Is it a Tai Chi myth or misconception that you can learn how to do Tai Chi Chuan from a book?
From the early days of the written word, Tai Chi Chuan Masters have passed on their knowledge to their students and whomever wanted to learn about their style of Tai Chi Chuan. Because of the scarcity of writing materials, most of the early material took the form of short cryptic passages that required interpretation. In the last 50 years, we have enjoyed an abundance of information about Tai Chi Chuan, the different lineages, the many styles, and the various Masters who have devoted their lives to their Arts and it’s transmission to the next generation.
Most of this information has been interpretations of the early Masters and detailed explanations of the various forms and applications. Magazines are devoted to the different Tai Chi Chuan styles and a month doesn’t go by without a new Tai Chi Chuan book on the shelf.
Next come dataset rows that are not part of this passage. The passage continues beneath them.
(* Let $\mathbf Y_i\in\mathbb R^k$ be a random vector whose law is absolutely continuous w.r.t. Lebesgue measure, has connected support and finite first moments, and let $(\alpha_0,\beta_0)$ be the population parameters (satisfying the subgradient conditions below). Let $\sigma>0$, $(\alpha,\beta)\in\mathbb R\times\mathbb R^{k-1}$, and let $b_i, W_i$ be as in the context. Then (b) $\sigma E\Big[\log\frac{f_{\boldsymbol\tau}(\mathbf Y_i\mid\alpha,\beta,\sigma)}{f_{\boldsymbol\tau}(\mathbf Y_i\mid\alpha_0,\beta_0,\sigma)}\Big]=E\big[-(W_i-b_i)1_{(b_i<W_i<0)}\big]+E\big[(W_i-b_i)1_{(0<W_i<b_i)}\big]$, and consequently (a) $E\Big[\log\frac{f_{\boldsymbol\tau}(\mathbf Y_i\mid\alpha,\beta,\sigma)}{f_{\boldsymbol\tau}(\mathbf Y_i\mid\alpha_0,\beta_0,\sigma)}\Big]\le 0$.
   Context: Location case. Fix $\tau\in(0,1)$, $\mathbf u\in\mathcal S^{k-1}$, $\Gamma_{\mathbf u}$ a $k\times(k-1)$ matrix with $[\mathbf u\ \Gamma_{\mathbf u}]$ orthonormal, $\mathbf Y^\perp_{\mathbf u i}=\Gamma_{\mathbf u}'\mathbf Y_i$, $\rho_\tau(x)=x(\tau-1_{(x<0)})$, $f_{\boldsymbol\tau}(\mathbf Y\mid\alpha,\beta,\sigma)=\frac{\tau(1-\tau)}{\sigma}\exp\big(-\frac1\sigma\rho_\tau(\mathbf u'\mathbf Y-\alpha-\beta'\Gamma_{\mathbf u}'\mathbf Y)\big)$. $b_i=(\alpha-\alpha_0)+(\beta-\beta_0)'\mathbf Y^\perp_{\mathbf u i}$ and $W_i=(\mathbf u'-\beta_0'\Gamma_{\mathbf u}')\mathbf Y_i-\alpha_0$. The population parameters $(\alpha_0,\beta_0)$ satisfy $\Pr(W_i\le 0)=\tau$ and $E[\mathbf Y^\perp_{\mathbf u i}1_{(W_i\le0)}]=\tau E[\mathbf Y^\perp_{\mathbf u i}]$. *)

From HB Require Import structures.
From mathcomp Require Import all_boot all_order all_algebra.
From mathcomp Require Import all_classical all_reals all_analysis.
Set Implicit Arguments. Unset Strict Implicit. Unset Printing Implicit Defensive.
Import Order.TTheory GRing.Theory Num.Theory.
Import numFieldNormedType.Exports.
Local Open Scope classical_set_scope.
Local Open Scope ring_scope.

Definition rho_tau {R : realType} (tau x : R) : R := x * (tau - ((x < 0)%R : bool)%:R).

Definition Yperp {R : realType} {n : nat} (Gam : 'M[R]_(n.+1, n))
  (y : 'cV[R]_n.+1) : 'cV[R]_n := Gam^T *m y.

Definition f_tau {R : realType} {n : nat} (tau : R) (u : 'cV[R]_n.+1)
  (Gam : 'M[R]_(n.+1, n)) (y : 'cV[R]_n.+1) (alpha : R) (beta : 'cV[R]_n)
  (sigma : R) : R :=
  tau * (1 - tau) / sigma *
  expR (- (rho_tau tau ((u^T *m y) 0 0 - alpha - (beta^T *m Yperp Gam y) 0 0))
        / sigma).

Definition b_fun {R : realType} {n : nat} (Gam : 'M[R]_(n.+1, n))
  (alpha alpha0 : R) (beta beta0 : 'cV[R]_n) (y : 'cV[R]_n.+1) : R :=
  (alpha - alpha0) + ((beta - beta0)^T *m Yperp Gam y) 0 0.

Definition W_fun {R : realType} {n : nat} (u : 'cV[R]_n.+1)
  (Gam : 'M[R]_(n.+1, n)) (alpha0 : R) (beta0 : 'cV[R]_n) (y : 'cV[R]_n.+1) : R :=
  ((u^T - beta0^T *m Gam^T) *m y) 0 0 - alpha0.

Definition box {R : realType} {k : nat} (a b : 'cV[R]_k) : set 'cV[R]_k :=
  [set y | forall i : 'I_k, a i 0 <= y i 0 <= b i 0].
Definition box_vol {R : realType} {k : nat} (a b : 'cV[R]_k) : R :=
  \prod_(i < k) (b i 0 - a i 0).

Definition leb_null {R : realType} {k : nat} (N : set 'cV[R]_k) : Prop :=
  forall e : R, 0 < e -> exists a b : nat -> 'cV[R]_k,
    (forall m (i : 'I_k), a m i 0 <= b m i 0) /\
    N `<=` \bigcup_m box (a m) (b m) /\
    (forall M : nat, \sum_(m < M) box_vol (a m) (b m) <= e).

Definition law_abs_cont {d : measure_display} {T : measurableType d}
  {R : realType} {k : nat} (P : probability T R) (Y : T -> 'cV[R]_k) : Prop :=
  forall N : set 'cV[R]_k, leb_null N -> P.-negligible (Y @^-1` N).

Definition law_support {d : measure_display} {T : measurableType d}
  {R : realType} {k : nat} (P : probability T R) (Y : T -> 'cV[R]_k)
  : set 'cV[R]_k :=
  [set y | forall r : R, 0 < r -> (0 < P (Y @^-1` ball y r))%E].

From HB Require Import structures.
From mathcomp Require Import all_boot all_order all_algebra.
From mathcomp Require Import all_classical all_reals all_analysis.
From mathcomp Require Import ring lra.
Import Order.TTheory GRing.Theory Num.Theory.
Import numFieldNormedType.Exports.
Import measurable_realfun.
Local Open Scope classical_set_scope.
Local Open Scope ring_scope.

Set Implicit Arguments. Unset Strict Implicit. Unset Printing Implicit Defensive.

(* The log-likelihood ratio is (rho_tau W - rho_tau (W - b)) / sigma, and pointwise
     rho_tau w - rho_tau (w - b)
       = A + B + b 1{w = 0, b < 0} - b (1{w <= 0} - tau),
   where A = -(w - b) 1{b < w < 0} <= 0 and B = (w - b) 1{0 < w < b} <= 0.
   The subgradient conditions say that the quantile score 1{W <= 0} - tau is
   orthogonal to 1 and to the coordinates of Y^perp, hence to the affine b.
   The event {W = 0} is null: W is an affine form of Y, nonconstant because
   P(W <= 0) = tau lies strictly between 0 and 1, and the hyperplanes of R^k are
   Lebesgue-null. *)

Local Notation ind P := ((P)%R : bool)%:R.

Lemma f_tau_residual (R : realType) (n : nat) (u : 'cV[R]_n.+1) (Gam : 'M[R]_(n.+1, n))
    (alpha alpha0 : R) (beta beta0 : 'cV[R]_n) (y : 'cV[R]_n.+1) :
  (u^T *m y) 0 0 - alpha - (beta^T *m Yperp Gam y) 0 0 =
  W_fun u Gam alpha0 beta0 y - b_fun Gam alpha alpha0 beta beta0 y.
Proof.
have subE (A B : 'M[R]_1) : (A - B) 0 0 = A 0 0 - B 0 0 by rewrite !mxE.
rewrite /W_fun /b_fun /Yperp mulmxBl -mulmxA linearB /= mulmxBl !subE; lra.
Qed.

Lemma b_fun_Yperp (R : realType) (n : nat) (Gam : 'M[R]_(n.+1, n)) (alpha alpha0 : R)
    (beta beta0 : 'cV[R]_n) (y : 'cV[R]_n.+1) :
  b_fun Gam alpha alpha0 beta beta0 y =
  (alpha - alpha0) + \sum_j (beta - beta0) j 0 * Yperp Gam y j 0.
Proof. by rewrite /b_fun mxE; under eq_bigr do rewrite mxE. Qed.

Lemma Yperp_row (R : realType) (n : nat) (Gam : 'M[R]_(n.+1, n)) (y : 'cV[R]_n.+1) j :
  Yperp Gam y j 0 = (row j Gam^T *m y) 0 0.
Proof. by rewrite /Yperp -row_mul [RHS]mxE. Qed.

Lemma ln_f_tau_ratio (R : realType) (n : nat) (tau : R) (u : 'cV[R]_n.+1)
    (Gam : 'M[R]_(n.+1, n)) (alpha alpha0 : R) (beta beta0 : 'cV[R]_n) (sigma : R)
    (y : 'cV[R]_n.+1) :
  0 < tau < 1 -> 0 < sigma ->
  ln (f_tau tau u Gam y alpha beta sigma / f_tau tau u Gam y alpha0 beta0 sigma) =
  (rho_tau tau (W_fun u Gam alpha0 beta0 y)
   - rho_tau tau (W_fun u Gam alpha0 beta0 y - b_fun Gam alpha alpha0 beta beta0 y)) / sigma.
Proof.
move=> /andP[tau0 tau1] sigma0.
have b0 : b_fun Gam alpha0 alpha0 beta0 beta0 y = 0.
  by rewrite /b_fun !subrr trmx0 mul0mx mxE add0r.
rewrite /f_tau (f_tau_residual u Gam alpha alpha0 beta beta0).
rewrite (f_tau_residual u Gam alpha0 alpha0 beta0 beta0) b0 subr0.
have K0 : tau * (1 - tau) / sigma != 0.
  by rewrite mulf_neq0 ?invr_eq0 ?mulf_neq0 // gt_eqF // subr_gt0.
rewrite invfM mulrACA divff // mul1r -expRB expRK.
by field; rewrite gt_eqF.
Qed.

Lemma rho_tau_sub (R : realType) (tau w b : R) :
  rho_tau tau w - rho_tau tau (w - b) =
    - (w - b) * ind ((b < w) && (w < 0)) + (w - b) * ind ((0 < w) && (w < b))
    + b * ind ((w == 0) && (b < 0)) - b * (ind (w <= 0) - tau).
Proof.
rewrite /rho_tau subr_lt0.
case: (ltrgtP w 0) => [w0|w0|->] /=.
- by case: (ltrP b w) => h1; case: (ltrP w b) => h2 /=; lra.
- by case: (ltrP b w) => h1; case: (ltrP w b) => h2 /=; lra.
by case: (ltrgtP 0 b) => [|| <-] /=; lra.
Qed.

Section integral_EFin.
Context d (T : measurableType d) (R : realType) (mu : {measure set T -> \bar R}).
Implicit Types (f g : T -> R) (k : R).

Lemma integrable_EFinD f g : mu.-integrable setT (EFin \o f) ->
  mu.-integrable setT (EFin \o g) -> mu.-integrable setT (EFin \o (fun t => f t + g t)).
Proof. by move=> If Ig; rewrite (_ : _ \o _ = (EFin \o f) \+ (EFin \o g))%E; [exact: integrableD|]. Qed.

Lemma integrable_EFinZl k f : mu.-integrable setT (EFin \o f) ->
  mu.-integrable setT (EFin \o (fun t => k * f t)).
Proof. by move=> If; rewrite (_ : _ \o _ = (fun t => k%:E * (EFin \o f) t))%E; [exact: integrableZl|]. Qed.

Lemma integrable_EFinN f : mu.-integrable setT (EFin \o f) ->
  mu.-integrable setT (EFin \o (fun t => - f t)).
Proof.
move=> If; rewrite (_ : _ \o _ = EFin \o (fun t => -1 * f t)); first exact: integrable_EFinZl.
by apply/funext => t /=; rewrite mulN1r.
Qed.

Lemma integrable_EFinB f g : mu.-integrable setT (EFin \o f) ->
  mu.-integrable setT (EFin \o g) -> mu.-integrable setT (EFin \o (fun t => f t - g t)).
Proof. by move=> If Ig; apply/integrable_EFinD/integrable_EFinN. Qed.

Lemma integrable_EFin_sum (I : finType) (F : I -> T -> R) :
  (forall i, mu.-integrable setT (EFin \o F i)) ->
  mu.-integrable setT (EFin \o (fun t => \sum_i F i t)).
Proof.
move=> IF; rewrite (_ : _ \o _ = fun t => \sum_i (F i t)%:E)%E; last first.
  by apply/funext => t; rewrite /= sumEFin.
by apply: integrable_sum => // i _; exact: IF.
Qed.

Lemma integrable_EFin_mul_indic f (P : T -> bool) : mu.-integrable setT (EFin \o f) ->
  measurable_fun setT P -> mu.-integrable setT (EFin \o (fun t => f t * (P t)%:R)).
Proof.
move=> If mP; have mf := measurable_int _ If.
apply: le_integrable If => [//||t _ /=].
  apply/measurable_EFinP/measurable_funM; first exact/measurable_EFinP.
  by apply: (measurableT_comp (f := fun b : bool => b%:R : R)) mP => _ A _; rewrite setTI.
by rewrite lee_fin normrM ler_piMr //; case: (P t); rewrite ?normr1 ?normr0.
Qed.

Lemma integral_EFinD f g : mu.-integrable setT (EFin \o f) ->
  mu.-integrable setT (EFin \o g) ->
  (\int[mu]_t (f t + g t)%:E = \int[mu]_t (f t)%:E + \int[mu]_t (g t)%:E)%E.
Proof. by move=> If Ig; under eq_integral do rewrite EFinD; exact: integralD_EFin. Qed.

Lemma integral_EFinB f g : mu.-integrable setT (EFin \o f) ->
  mu.-integrable setT (EFin \o g) ->
  (\int[mu]_t (f t - g t)%:E = \int[mu]_t (f t)%:E - \int[mu]_t (g t)%:E)%E.
Proof. by move=> If Ig; under eq_integral do rewrite EFinB; exact: integralB_EFin. Qed.

Lemma integral_EFinZl k f : mu.-integrable setT (EFin \o f) ->
  (\int[mu]_t (k * f t)%:E = k%:E * \int[mu]_t (f t)%:E)%E.
Proof. by move=> If; under eq_integral do rewrite EFinM; exact: integralZl. Qed.

Lemma integral_EFin_sum (I : finType) (F : I -> T -> R) :
  (forall i, mu.-integrable setT (EFin \o F i)) ->
  (\int[mu]_t (\sum_i F i t)%:E = \sum_i \int[mu]_t (F i t)%:E)%E.
Proof.
move=> IF; under eq_integral do rewrite -sumEFin.
by rewrite integral_sum // => i; exact: IF.
Qed.

Lemma integral_EFin_le0 f : (forall t, f t <= 0) -> (\int[mu]_t (f t)%:E <= 0)%E.
Proof.
move=> f0; under eq_integral do rewrite -[f _]opprK EFinN.
rewrite integral_ge0N => [|t _]; last by rewrite lee_fin oppr_ge0.
by rewrite oppe_le0 integral_ge0 // => t _; rewrite lee_fin oppr_ge0.
Qed.

End integral_EFin.

Section expected_check_loss_difference.
Context d (T : measurableType d) (R : realType) (P : probability T R).
Variables (tau : R) (W b : T -> R).
Hypotheses (IW : P.-integrable setT (EFin \o W)) (Ib : P.-integrable setT (EFin \o b)).
Hypothesis W0_null : P.-negligible [set t | W t = 0].
Hypothesis b_orth : (\int[P]_t (b t * (ind (W t <= 0) - tau))%:E = 0)%E.

Let mW : measurable_fun setT W. Proof. exact/measurable_EFinP/(measurable_int P). Qed.
Let mb : measurable_fun setT b. Proof. exact/measurable_EFinP/(measurable_int P). Qed.
Let m0 : measurable_fun setT (fun _ : T => 0 : R). Proof. exact: measurable_cst. Qed.

Let IA : P.-integrable setT
  (EFin \o (fun t => - (W t - b t) * ind ((b t < W t) && (W t < 0)))).
Proof.
apply/integrable_EFin_mul_indic; first exact/integrable_EFinN/integrable_EFinB.
by apply: measurable_and; apply: measurable_fun_ltr.
Qed.

Let IB : P.-integrable setT
  (EFin \o (fun t => (W t - b t) * ind ((0 < W t) && (W t < b t)))).
Proof.
apply/integrable_EFin_mul_indic; first exact/integrable_EFinB.
by apply: measurable_and; apply: measurable_fun_ltr.
Qed.

Let IZ : P.-integrable setT (EFin \o (fun t => b t * ind ((W t == 0) && (b t < 0)))).
Proof.
apply/integrable_EFin_mul_indic => //.
under eq_fun do rewrite eq_le.
by do 2?apply: measurable_and; (apply: measurable_fun_ler || apply: measurable_fun_ltr).
Qed.

Let IC : P.-integrable setT (EFin \o (fun t => b t * (ind (W t <= 0) - tau))).
Proof.
under eq_fun do rewrite mulrBr [b _ * tau]mulrC.
apply: integrable_EFinB; last exact: integrable_EFinZl.
by apply/integrable_EFin_mul_indic => //; apply: measurable_fun_ler.
Qed.

Lemma integrable_rho_tau_sub : P.-integrable setT
  (EFin \o (fun t => rho_tau tau (W t) - rho_tau tau (W t - b t))).
Proof.
under eq_fun do rewrite rho_tau_sub.
by apply: integrable_EFinB => //; apply: integrable_EFinD => //; exact: integrable_EFinD.
Qed.

Lemma integral_rho_tau_sub :
  (\int[P]_t (rho_tau tau (W t) - rho_tau tau (W t - b t))%:E =
   \int[P]_t (- (W t - b t) * ind ((b t < W t) && (W t < 0)))%:E
   + \int[P]_t ((W t - b t) * ind ((0 < W t) && (W t < b t)))%:E)%E.
Proof.
have IAB := integrable_EFinD IA IB.
under eq_integral do rewrite rho_tau_sub.
(* The [W t == 0] term vanishes outside the null set [W = 0]. *)
rewrite (ae_eq_integral (fun t => (- (W t - b t) * ind ((b t < W t) && (W t < 0))
    + (W t - b t) * ind ((0 < W t) && (W t < b t)) - b t * (ind (W t <= 0) - tau))%:E)).
- by rewrite integral_EFinB // integral_EFinD // b_orth sube0.
- exact: measurableT.
- exact: measurable_int (integrable_EFinB (integrable_EFinD IAB IZ) IC).
- exact: measurable_int (integrable_EFinB IAB IC).
apply: negligibleS W0_null => t /= Zt; apply: contrapT => W0; apply: Zt => _.
by rewrite (negbTE (introN eqP W0)) mulr0 addr0.
Qed.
Within the last 20 years, we’ve seen the proliferation of Video Tapes, and then DVDs. Ever since video sharing websites, such as YouTube, have gained popularity, a new Tai Chi Chuan video seems to be posted every day. Recently, I’ve discovered a few membership websites that offer Tai Chi Chuan or Qigong lessons for a monthly fee. On these sites, you get access to streaming videos, forums to discuss your training with other members, and email access to the “instructor.”
With all this information floating about, you may wonder if someone could truly learn Tai Chi Chuan from a book, a video, or the internet.
Before I answer that, let’s list the hallmarks of a good Tai Chi Chuan teacher.
Hallmarks of a Quality Tai Chi Instructor
- Deep understanding of their style of Tai Chi Chuan.
- Good teaching skills.
- Can trace their lineage
- Continually improving their skills
- Understand the needs of individual students and adjust their teaching accordingly
- Challenges the student to higher levels of proficiency
Now, let’s take that list and apply it to learning from books, videos, and the internet.
Without a doubt, there are many authors and makers of video and internet content who have a deep understanding of their Arts and the various intricacies of their Tai Chi Chuan style. I know of several who are excellent teachers with impeccable lineage and can trace their Art back to it’s roots in China. And any teacher worth their weight in gold is constantly learning, not just about their Art and Style, but about many topics.
There is one thing a book, video or internet site can’t do, at least not yet, and that is give you individual attention. They cannot give you corrections on postures and forms, they cannot assess your progress or layout an individualized training regimen that is individualized to your current level of fitness and knowledge of Tai Chi Chuan.
For the beginning student, this is crucial, not only for their knowledge and enjoyment of the Arts, but for their health and safety as well. There have been many times where I’ve had to modify postures or movements for a student because of chronic conditions, or even for temporary ones such as a sprained ankle. Only a teacher who has been training you for a period of time can know what you’re capable of and can push you to the next level. The great ones can do that without you realizing it!
Don’t get me wrong, all the information that is available to us is critical, not only of our continued education in the Arts, but for its survival as well. To be able to pass this material on to future generations is imperative. For anyone who has a firm understanding of the Tai Chi Principles, this information is priceless and can be a constant source of new learning.
The Downside of Learning From a Book
All this material can be overwhelming to a brand new student resulting in the them giving up. Tai Chi Chuan is for everybody and for every body. Learning in a group environment from a skillful teacher is fun and challenging. Tai Chi Chuan, and Martial Arts in general, can take years of practice to gain a high level of proficiency. Even if you’re not interested in becoming a high level Master, learning the fundamentals from an experienced and knowledgeable instructor can keep you from developing bad habits, give you in depth knowledge, and point out the pitfalls of incorrect postures and movements.
Use of books, videos, and the internet should compliment your training, not be the sole source.